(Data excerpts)
*** Block opens ***
(* In the setting below, suppose that either (1) $\mathbb{P}(X=x)>0$, or (2) there exists $r>0$ such that $\mathbb{E}[\mathbb{I}_{\bar B_r}(X)\,|\eta(X)-\eta(x)|]=0$. Then $\mathbb{E}\big[|\eta(X^x_m)-\eta(x)|\big]\to 0$ as $m\to\infty$.
   Context: Let $(\mathcal{X},d)$ be a metric space with its Borel $\sigma$-algebra, let $(\Omega,\mathcal{F},\mathbb{P})$ be a probability space, and let $X,X_1,X_2,\dots$ be i.i.d. $\mathcal{X}$-valued random variables with common law $\mathbb{P}_X$. For $x\in\mathcal{X}$ and $r>0$ write $B_r=\{x':d(x,x')<r\}$, $\bar B_r=\{x':d(x,x')\le r\}$ and $S_r=\{x':d(x,x')=r\}$. The support of $\mathbb{P}_X$ is the set of $x$ such that $\mathbb{P}_X(\bar B_r(x))>0$ for all $r>0$. Fix $x$ in the support of $\mathbb{P}_X$ and a bounded measurable $\eta:\mathcal{X}\to\mathbb{R}$. For each $m\in\mathbb{N}$, a nearest neighbor of $x$ among $X_1,\dots,X_m$ is a measurable $X^x_m:\Omega\to\mathcal{X}$ with $X^x_m(\omega)\in\arg\min_{x'\in\{X_1(\omega),\dots,X_m(\omega)\}}d(x,x')$ for every $\omega\in\Omega$; fix such a sequence $(X^x_m)_{m\in\mathbb{N}}$. *)

From HB Require Import structures.
From mathcomp Require Import all_boot all_order all_algebra.
From mathcomp Require Import all_classical all_reals all_analysis.
Set Implicit Arguments. Unset Strict Implicit. Unset Printing Implicit Defensive.
Import Order.TTheory GRing.Theory Num.Theory.
Local Open Scope classical_set_scope.
Local Open Scope ring_scope.

Definition is_metric {R : realType} {T : Type} (dist : T -> T -> R) : Prop :=
  (forall x y, 0 <= dist x y) /\
  (forall x y, dist x y = 0 <-> x = y) /\
  (forall x y, dist x y = dist y x) /\
  (forall x y z, dist x z <= dist x y + dist y z).

Definition oball {R : realType} {T : Type} (dist : T -> T -> R) (x : T) (r : R)
  : set T := [set y | dist x y < r].
Definition cball {R : realType} {T : Type} (dist : T -> T -> R) (x : T) (r : R)
  : set T := [set y | dist x y <= r].

Definition metric_open {R : realType} {T : Type} (dist : T -> T -> R) : set (set T) :=
  [set A | forall x, A x -> exists2 r : R, 0 < r & oball dist x r `<=` A].

Definition is_borel_of {R : realType} {d : measure_display} {T : measurableType d}
  (dist : T -> T -> R) : Prop :=
  @measurable d T = <<s metric_open dist >>.

Definition mutually_independent {R : realType} {dO : measure_display}
  {Omega : measurableType dO} (P : probability Omega R)
  {d : measure_display} {T : measurableType d} {I : eqType} (Y : I -> Omega -> T)
  : Prop :=
  forall (J : seq I), uniq J ->
  forall (A : I -> set T), (forall i, measurable (A i)) ->
    P (\bigcap_(i in [set` J]) (Y i @^-1` A i)) = (\prod_(i <- J) P (Y i @^-1` A i))%E.

Definition in_support {R : realType} {dO : measure_display}
  {Omega : measurableType dO} (P : probability Omega R)
  {d : measure_display} {T : measurableType d} (dist : T -> T -> R)
  (Y : Omega -> T) (x : T) : Prop :=
  forall r : R, 0 < r -> (0 < P (Y @^-1` cball dist x r))%E.

Definition is_nearest_neighbor {R : realType} {Omega T : Type}
  (dist : T -> T -> R) (x : T) (Y : nat -> Omega -> T) (m : nat) (Z : Omega -> T)
  : Prop :=
  forall w, (exists2 i, (i < m)%N & Z w = Y i w) /\
            (forall i, (i < m)%N -> dist x (Z w) <= dist x (Y i w)).

From HB Require Import structures.
From mathcomp Require Import all_boot all_order all_algebra.
From mathcomp Require Import all_classical all_reals all_analysis.
From mathcomp Require Import lra measurable_realfun.
Set Implicit Arguments. Unset Strict Implicit. Unset Printing Implicit Defensive.
Import Order.TTheory GRing.Theory Num.Theory.
Local Open Scope classical_set_scope.
Local Open Scope ring_scope.

(* Both hypotheses of the theorem yield a radius r >= 0 such that the closed
   ball C = cball x r has positive mass q = P(X \in C) and eta = eta x almost
   surely on C: for (1) take r = 0, so C = {x}; for (2) C has positive mass
   because x lies in the support, and the vanishing integral forces
   eta(X) = eta x almost surely on the event X \in C.
   Under these two facts the error |eta(NN_m) - eta x| is bounded by
   2M * 1_{D_m \cup U}, where
   - D_m is the event that none of X_0, ..., X_{m-1} falls into C; by
     independence and identical distribution P(D_m) = (1 - q)^m;
   - U is the null event that some X_i falls into C with eta(X_i) <> eta x.
   Indeed off D_m \cup U some sample lies in C, hence so does the nearest
   neighbour, which is then a sample in C where eta agrees with eta x.
   Hence the risk is squeezed between 0 and 2M (1 - q)^m, which tends to 0. *)

Lemma preimage_measurable (d d' : measure_display) (T : measurableType d)
    (U : measurableType d') (f : T -> U) (A : set U) :
  measurable_fun setT f -> measurable A -> measurable (f @^-1` A).
Proof. by move=> mf mA; rewrite -[f @^-1` A]setTI; exact: mf. Qed.

Section MetricBalls.
Variables (R : realType) (d : measure_display) (T : measurableType d).
Variable (dist : T -> T -> R).
Hypothesis dist_metric : is_metric dist.

(* Closed balls are Borel: their complements are open. *)
Lemma cball_measurable (T_borel : is_borel_of dist) x r :
  measurable (cball dist x r).
Proof.
case: dist_metric => _ [_ [dsym dtri]].
rewrite -(setCK (cball dist x r)); apply: measurableC.
rewrite T_borel; apply: sub_sigma_algebra => y /= ny.
exists (dist x y - r); first by rewrite subr_gt0 ltNge; apply/negP.
move=> z; rewrite /oball /cball /= => hz hxz.
by have := dtri x z y; rewrite (dsym z y); lra.
Qed.

Lemma cball0 x : cball dist x 0 = [set x].
Proof.
case: dist_metric => d0 [deq _].
apply/seteqP; split => y /=; last by move=> ->; rewrite /cball /= (deq x x).2.
by rewrite /cball /= => hxy; apply/esym/deq/le_anti; rewrite hxy d0.
Qed.

End MetricBalls.

Section NearestNeighborRisk.
Variables (R : realType) (d : measure_display) (T : measurableType d).
Variables (dist : T -> T -> R) (x : T) (r : R).
Variables (dO : measure_display) (Omega : measurableType dO).
Variables (P : probability Omega R) (X : Omega -> T) (Xs : nat -> Omega -> T).
Hypotheses (mX : measurable_fun setT X) (mXs : forall i, measurable_fun setT (Xs i)).
Hypothesis indep : mutually_independent P
  (fun o : option nat => match o with None => X | Some i => Xs i end).
Hypothesis ident : forall i (A : set T), measurable A ->
  P (Xs i @^-1` A) = P (X @^-1` A).
Variables (eta : T -> R) (M : R).
Hypotheses (meta : measurable_fun setT eta) (eta_bdd : forall y, `|eta y| <= M).
Variable (NN : nat -> Omega -> T).
Hypothesis mNN : forall m, (0 < m)%N -> measurable_fun setT (NN m).
Hypothesis NN_nn : forall m, (0 < m)%N -> is_nearest_neighbor dist x Xs m (NN m).

Let C := cball dist x r.
Definition eta_differs : set T := C `&` eta @^-1` (~` [set eta x]).
Hypothesis mC : measurable C.
Hypothesis C_mass : (0 < P (X @^-1` C))%E.
Hypothesis differs_null : P (X @^-1` eta_differs) = 0%E.

Definition misses_ball m : set Omega :=
  \bigcap_(i in [set k | (k < m)%N]) (Xs i @^-1` ~` C).
Definition bad_sample : set Omega := \bigcup_i (Xs i @^-1` eta_differs).

Let q := fine (P (X @^-1` C)).

Lemma ball_massE : P (X @^-1` C) = q%:E.
Proof. by rewrite fineK // fin_num_measure //; exact: preimage_measurable. Qed.

Lemma ball_mass_gt0 : 0 < q.
Proof. by have := C_mass; rewrite ball_massE lte_fin. Qed.

Lemma ball_mass_le1 : q <= 1.
Proof.
by rewrite -lee_fin -ball_massE probability_le1 //; exact: preimage_measurable.
Qed.

Lemma eta_differs_measurable : measurable eta_differs.
Proof.
apply: measurableI => //; apply: preimage_measurable => //.
exact: measurableC (measurable_set1 _).
Qed.

Lemma misses_ball_measurable m : measurable (misses_ball m).
Proof.
by apply: bigcap_measurableType => i _; apply: preimage_measurable => //;
  exact: measurableC.
Qed.

Lemma bad_sample_measurable : measurable bad_sample.
Proof.
apply: bigcupT_measurable => i; apply: preimage_measurable => //.
exact: eta_differs_measurable.
Qed.

(* Independence and identical distribution: P(D m) = (1 - q)^m. *)
Lemma misses_ball_prob m : P (misses_ball m) = ((1 - q) ^+ m)%:E.
Proof.
have -> : misses_ball m = \bigcap_(o in [set` map Some (iota 0 m)])
    ((fun o : option nat => match o with None => X | Some i => Xs i end) o
      @^-1` ~` C).
  apply/seteqP; split => w /= Dw.
    by move=> o /mapP[j]; rewrite mem_iota add0n => /andP[_ jm] ->; exact: Dw.
  by move=> i im; apply: (Dw (Some i)); apply: map_f; rewrite mem_iota add0n.
rewrite indep; first last.
- by move=> o; exact: measurableC.
- by rewrite map_inj_uniq ?iota_uniq // => a b [].
rewrite big_map (eq_bigr (fun _ => (1 - q)%:E)).
  have -> : iota 0 m = index_iota 0 m by rewrite /index_iota subn0.
  by rewrite prodEFin big_mkord prodr_const card_ord.
move=> i _; rewrite ident; last exact: measurableC.
rewrite preimage_setC probability_setC; last exact: (preimage_measurable mX mC).
by rewrite (_ : P _ = q%:E) //; exact: ball_massE.
Qed.

Lemma bad_sample_null : P bad_sample = 0%E.
Proof.
apply/(negligibleP _ bad_sample_measurable); apply: negligible_bigcup => i.
have mi := preimage_measurable (mXs i) eta_differs_measurable.
apply/(negligibleP _ mi).
exact: etrans (ident i eta_differs_measurable) differs_null.
Qed.

(* Off D m \cup U the nearest neighbour lies in C where eta equals eta x,
   so the error vanishes; elsewhere it is at most 2M. *)
Lemma nn_error_le m w : (0 < m)%N ->
  `|eta (NN m w) - eta x| <= (2 * M) * \1_(misses_ball m `|` bad_sample) w.
Proof.
move=> m0; case: (NN_nn m0 w) => -[j jm NNj] NN_min.
have [DUw|nDUw] := pselect ((misses_ball m `|` bad_sample) w).
  rewrite indicE mem_set // mulr1.
  have := eta_bdd (NN m w); have := eta_bdd x.
  by have := ler_normB (eta (NN m w)) (eta x); lra.
rewrite indicE memNset // mulr0.
have [i im Ci] : exists2 i, (i < m)%N & C (Xs i w).
  by apply: contra_notP nDUw => noC; left => i im Ci; apply: noC; exists i.
have C_NN : C (NN m w) by apply: le_trans (NN_min i im) Ci.
have [->|ne] := eqVneq (eta (NN m w)) (eta x); first by rewrite subrr normr0.
exfalso; apply: nDUw; right; exists j => //=; rewrite -NNj; split => //= eq_eta.
by rewrite eq_eta eqxx in ne.
Qed.

(* Integrating the pointwise bound: 0 <= risk <= 2M (1 - q)^m. *)
Lemma nn_risk_le m : (0 < m)%N ->
  (0 <= \int[P]_w (`|eta (NN m w) - eta x|)%:E <= (2 * M * (1 - q) ^+ m)%:E)%E.
Proof.
move=> m0; have M0 : 0 <= M by apply: le_trans (eta_bdd x).
have mDU : measurable (misses_ball m `|` bad_sample).
  exact: measurableU (misses_ball_measurable m) bad_sample_measurable.
apply/andP; split; first by apply: integral_ge0 => w _; rewrite lee_fin.
apply: (@le_trans _ _ (\int[P]_w (2 * M * \1_(misses_ball m `|` bad_sample) w)%:E)%E).
  apply: ge0_le_integral => //.
  - apply/measurable_EFinP; apply: measurableT_comp => //.
    by apply: measurable_funB => //; apply: measurableT_comp => //; exact: mNN.
  - by apply/measurable_EFinP; apply: measurable_funM => //; exact: measurable_indic.
  - by move=> w _; rewrite lee_fin nn_error_le.
rewrite (@integralZl_indic _ _ _ P setT measurableT
  (fun=> misses_ball m `|` bad_sample)) //; last first.
  by rewrite ltNge mulr_ge0.
rewrite integral_indic // setIT (EFinM (2 * M)).
apply: lee_wpmul2l; first by rewrite lee_fin mulr_ge0.
have PDU : (P (misses_ball m) + P bad_sample = ((1 - q) ^+ m)%:E)%E.
  by rewrite misses_ball_prob bad_sample_null adde0.
rewrite -PDU; apply: measureU2;
  [exact: misses_ball_measurable | exact: bad_sample_measurable].
Qed.

Lemma nn_risk_cvg0 :
  (fun m => \int[P]_w (`|eta (NN m w) - eta x|)%:E)%E @ \oo --> 0%E.
Proof.
set risk := (fun m => _).
have risk_bounds : \forall m \near \oo,
    (0 <= risk m <= (2 * M * (1 - q) ^+ m)%:E)%E.
  by near=> m; apply: nn_risk_le; near: m; exists 1%N.
have risk_fin : \forall m \near \oo, risk m \is a fin_num.
  near=> m; have /andP[risk_ge0 risk_le] : (0 <= risk m <= (2 * M * (1 - q) ^+ m)%:E)%E.
    by near: m.
  by rewrite ge0_fin_numE // (le_lt_trans risk_le) ?ltey.
apply/fine_cvgP; split => //.
have geom_cvg : geometric (2 * M) (1 - q) @ \oo --> 0.
  apply: cvg_geometric.
  by rewrite ger0_norm ?subr_ge0 ?ball_mass_le1 // gtrBl ball_mass_gt0.
have zero_cvg : (@cst nat R 0) @ \oo --> 0 by exact: (cvg_cst (0 : R^o)).
apply: (squeeze_cvgr _ zero_cvg geom_cvg); near=> m.
have /andP[risk_ge0 risk_le] : (0 <= risk m <= (2 * M * (1 - q) ^+ m)%:E)%E.
  by near: m.
have /fineK risk_fine : risk m \is a fin_num by near: m.
by rewrite /= -!lee_fin risk_fine risk_ge0 risk_le.
Unshelve. all: by end_near.
Qed.

End NearestNeighborRisk.

Lemma eta_differs_cball0 (R : realType) (d : measure_display) (T : measurableType d)
    (dist : T -> T -> R) (x : T) (eta : T -> R) :
  is_metric dist -> eta_differs dist x 0 eta = set0.
Proof.
move=> dist_metric; rewrite /eta_differs cball0 //.
by apply/seteqP; split => // y /= [-> /(_ erefl)].
Qed.

(* Hypothesis (2): a nonnegative function with null integral vanishes almost
   surely, so eta(X) = eta x almost surely on the event X \in cball x r. *)
Lemma eta_differs_null_of_integral (R : realType) (d : measure_display)
    (T : measurableType d) (dist : T -> T -> R) (x : T) (r : R)
    (dO : measure_display) (Omega : measurableType dO)
    (P : probability Omega R) (X : Omega -> T) (eta : T -> R) :
  measurable_fun setT X -> measurable_fun setT eta ->
  measurable (cball dist x r) ->
  (\int[P]_w ((\1_(cball dist x r) (X w) : R) * `|eta (X w) - eta x|)%:E
     = 0)%E ->
  P (X @^-1` eta_differs dist x r eta) = 0%E.
Proof.
move=> mX meta mC null_integral.
pose g w := (\1_(cball dist x r) (X w) : R) * `|eta (X w) - eta x|.
have mg : measurable_fun setT (fun w => (g w)%:E).
  apply/measurable_EFinP; apply: measurable_funM.
    by apply: measurableT_comp => //; exact: measurable_indic.
  apply: measurableT_comp => //; apply: measurable_funB => //.
  exact: measurableT_comp.
have : ae_eq P setT (fun w => (g w)%:E) (cst 0%E).
  apply/(ae_eq_integral_abs P measurableT mg).
  rewrite -null_integral; apply: eq_integral => w _.
  by rewrite gee0_abs // lee_fin /g mulr_ge0.
move=> [N [mN PN g_zero_off_N]].
apply: (subset_measure0 _ mN) => //.
  apply: preimage_measurable => //; exact: eta_differs_measurable.
move=> w /= [Cw eta_ne]; apply: g_zero_off_N => /= /(_ I).
rewrite /g indicE mem_set // mul1r => /eqP.
by rewrite eqe normr_eq0 subr_eq0 => /eqP.
Qed.

Theorem mainTheorem2 (R : realType)
  (d : measure_display) (T : measurableType d) (dist : T -> T -> R)
  (dist_metric : is_metric dist) (T_borel : is_borel_of dist)
  (dO : measure_display) (Omega : measurableType dO) (P : probability Omega R)
  (X : Omega -> T) (Xs : nat -> Omega -> T)
  (mX : measurable_fun setT X) (mXs : forall i, measurable_fun setT (Xs i))
  (indep : mutually_independent P
     (fun o : option nat => match o with None => X | Some i => Xs i end))
  (ident : forall i (A : set T), measurable A ->
     P (Xs i @^-1` A) = P (X @^-1` A))
  (x : T) (x_supp : in_support P dist X x)
  (eta : T -> R) (meta : measurable_fun setT eta)
  (eta_bdd : exists M : R, forall y, `|eta y| <= M)
  (NN : nat -> Omega -> T)
  (mNN : forall m, (0 < m)%N -> measurable_fun setT (NN m))
  (NN_nn : forall m, (0 < m)%N -> is_nearest_neighbor dist x Xs m (NN m))
  (hyp : (0 < P (X @^-1` [set x]))%E \/
         exists2 r : R, 0 < r &
           (\int[P]_w ((\1_(cball dist x r) (X w) : R) * `|eta (X w) - eta x|)%:E
              = 0)%E) :
  (fun m => \int[P]_w (`|eta (NN m w) - eta x|)%:E)%E @ \oo --> 0%E.
Proof.
have mC := cball_measurable dist_metric T_borel x.
have [r C_mass differs_null] : exists2 r : R,
    (0 < P (X @^-1` cball dist x r))%E &
    P (X @^-1` eta_differs dist x r eta) = 0%E.
  case: hyp => [atom | [r r_gt0 null_integral]].
  - exists 0; first by rewrite cball0.
    by rewrite eta_differs_cball0 // preimage_set0 measure0.
  - exists r; first exact: x_supp r_gt0.
    exact: eta_differs_null_of_integral.
case: eta_bdd => M eta_bdd.
have risk_cvg := nn_risk_cvg0 mX mXs indep ident meta eta_bdd mNN NN_nn (mC r)
  C_mass differs_null.
exact risk_cvg.
Qed.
*** Block closes ***
** Your assignment **
Word for word, restate the lines of the data above that fall between the line holding "(d : measure_display) (T : measurableType d) (dist" and the line holding "(mNN : forall", inclusive, and no other lines.

** Final answer **
  (d : measure_display) (T : measurableType d) (dist : T -> T -> R)
  (dist_metric : is_metric dist) (T_borel : is_borel_of dist)
  (dO : measure_display) (Omega : measurableType dO) (P : probability Omega R)
  (X : Omega -> T) (Xs : nat -> Omega -> T)
  (mX : measurable_fun setT X) (mXs : forall i, measurable_fun setT (Xs i))
  (indep : mutually_independent P
     (fun o : option nat => match o with None => X | Some i => Xs i end))
  (ident : forall i (A : set T), measurable A ->
     P (Xs i @^-1` A) = P (X @^-1` A))
  (x : T) (x_supp : in_support P dist X x)
  (eta : T -> R) (meta : measurable_fun setT eta)
  (eta_bdd : exists M : R, forall y, `|eta y| <= M)
  (NN : nat -> Omega -> T)
  (mNN : forall m, (0 < m)%N -> measurable_fun setT (NN m))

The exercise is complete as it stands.